Supporting information

cif

Crystallographic Information File (CIF) https://doi.org/10.1107/S010827010601184X/ty1014sup1.cif
Contains datablocks I, global

hkl

Structure factor file (CIF format) https://doi.org/10.1107/S010827010601184X/ty1014Isup2.hkl
Contains datablock I

CCDC reference: 285221

Comment top

The crystal engineering and synthesis of discrete metallohelicates and infinite metal-containing helical coordination polymers have received much attention from chemists, because helicity is an essential feature of living systems and is important in advanced materials, such as optical devices, enantiomer separation, chiral synthesis, ligand exchange and selective catalysis (Chen & Suslick, 1993; Woods et al., 1996; Piguet et al., 1997; Qi et al., 2003). Most of the recent studies in this area have been involved with the construction of compounds from d10 transition metal ions and functional ligands (Psillakes et al., 1997; Tong et al., 1998; Nomiya et al., 2000). In this context, the fine-tuning of organic ligands and the careful selection of metal ions are especially crucial to the construction of desirable helical frameworks (Nishida et al., 2001; Gao et al., 2003; Barnett & Champness, 2003). We are interested in the solid-state coordination chemistry of p-(carboxylmethoxyl)phenylthioacetic acid (p-CMPTH2), which remains largely unexplored. Although this is a rather simple molecule, it has the potential for coordinative interaction and hydrogen bonding. Firstly, it has two carboxyl groups, one ether O atom and one ether S atom, which induce multiple coordination modes with transition metal ions. Secondly, it can act not only as a hydrogen-bond donor but also as hydrogen-bond acceptor, owing to the existence of deprotonated and/or protonated carboxyl groups. Therefore, it is regarded as an excellent candidate for the construction of different kinds of coordination polymers, including infinite one-dimensional chain compounds, two-dimensional layer compounds and three-dimensional netlike compounds (Gao, Huo et al., 2005; Gao, Su et al., 2005). Here, we report the title novel one-dimensional manganese(II) complex, (I), comprising helical chains bridged by p-(carboxylmethoxyl)phenylthioacetate (p-CMPT2−).
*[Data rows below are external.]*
(* Let $n\ge2$, $m\ge1$, and let $G$ be given by the presentation $$G=\Big\langle a_1,\dots,a_n,c_1,\dots,c_m \ \Big|\ [a_i,a_j]=\prod_{t=1}^m c_t^{\lambda_t^{ij}}\ (1\le i<j\le n),\ [a_i,c_j]=[c_k,c_r]=1 \text{ for all } i,j,k,r\Big\rangle$$ for some integers $\lambda_t^{ij}$; write $A=\{a_1,\dots,a_n\}$, $C=\{c_1,\dots,c_m\}$. Then: (1) $G$ is finitely generated, torsion-free and $2$-step nilpotent, and $(A;C)$ is a Malcev basis of $G$; (2) $Z(G)$ has a basis of the form $C\cup D$ for some set $D$; (3) $\mathrm{rank}(G/Z(G))=n-|D|$; (4) $\mathrm{rank}(G/Z(G))+\mathrm{rank}(Z(G))=n+m$; (5) $\mathrm{rank}(G')\le m\le\mathrm{rank}(Z(G))$.
   Context: Commutators: $[g,h]=g^{-1}h^{-1}gh$. A group is $2$-step nilpotent if all commutators are central. A Malcev basis of such a group is a pair $(A;C)$ with $C$ a basis of a free abelian subgroup with $G'\le\langle C\rangle\le Z(G)$ and $A$ such that $G/\langle C\rangle$ is free abelian with basis $\{a\langle C\rangle\mid a\in A\}$. The rank of a finitely generated abelian group is the minimum cardinality of a generating set. *)

(* Groups are MathComp's (possibly infinite) [groupType]
   from boot/monoid.v; commutator [~ x, y] = x^-1 * y^-1 * x * y. *)
From HB Require Import structures.
From mathcomp Require Import all_boot all_order all_algebra.
Set Implicit Arguments. Unset Strict Implicit. Unset Printing Implicit Defensive.

Local Open Scope group_scope.

Section GroupDefs.
Variable G : groupType.

Definition zexpg (x : G) (k : int) : G :=
  match k with Posz p => x ^+ p | Negz p => (x ^+ p.+1)^-1 end.

Definition gen (S : G -> Prop) (x : G) : Prop :=
  forall P : G -> Prop, P 1 -> (forall u v, P u -> P v -> P (u * v^-1)) ->
    (forall u, S u -> P u) -> P x.

Definition center (z : G) : Prop := forall g : G, g * z = z * g.

Definition derived (x : G) : Prop := gen (fun y => exists g h, y = [~ g, h]) x.

Definition fin_gen : Prop := exists s : seq G, forall x, gen (fun y => y \in s) x.

Definition torsion_free : Prop :=
  forall (x : G) (k : nat), (0 < k)%N -> x ^+ k = 1 -> x = 1.

Definition two_step_nilpotent : Prop := forall g h : G, center [~ g, h].

Definition range {k : nat} (f : 'I_k -> G) (y : G) : Prop := exists i, y = f i.

Definition malcev_basis {n m : nat} (a : 'I_n -> G) (c : 'I_m -> G) : Prop :=
  (forall s t, c s * c t = c t * c s) /\
  (forall u : 'I_m -> int, \prod_(t < m) zexpg (c t) (u t) = 1 -> forall t, u t = 0) /\
  (forall x, derived x -> gen (range c) x) /\
  (forall x, gen (range c) x -> center x) /\
  (* G/<C> free abelian with basis {a_i <C>} *)
  (forall g h : G, gen (range c) [~ g, h]) /\
  (forall g : G, exists u : 'I_n -> int,
      gen (range c) ((\prod_(i < n) zexpg (a i) (u i))^-1 * g)) /\
  (forall u : 'I_n -> int, gen (range c) (\prod_(i < n) zexpg (a i) (u i)) ->
      forall i, u i = 0).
The present X-ray diffraction analysis shows that complex (I) possesses a one-dimensional single-helical structure. The fundamental unit of the crystal structure is illustrated in Fig. 1. Each MnII ion is six-coordinated in a distorted octahedral geometry. Its equatorial plane is defined by atoms O1, O1W, O3W and O4i [symmetry code: (i) −x + 1, y − 1/2, −z + 1], with an r.m.s. deviation of 0.075 (2) Å; the deviation of the MnII atom from this plane is 0.0116 (2) Å. The axial positions are occupied by atoms O2W and O4W, with an angle of 170.53 (6)°. It is interesting to note that each ligand, L, serves as a bridging ligand to link two MnII atoms, forming a single-strand helical coordination polymer. Both carboxylate anions in one L are mono-coordinated to the adjacent metal atom, with Mn—O distances of 2.1599 (15) and 2.1528 (16) Å (Fig. 2). In this way, each L acts as a bidentate group to link two metal atoms and yields a half-turn unit of the helical structure. The distance between neighbouring Mn atoms is 11.377 Å. Extension of the structure in one dimension along the b axis gives a one-dimensional helical Mn–L network (Fig. 2), resulting from the unique coordination feature of the L ligands. Each helical cycle contains three Mn atoms and two bridging L ligands.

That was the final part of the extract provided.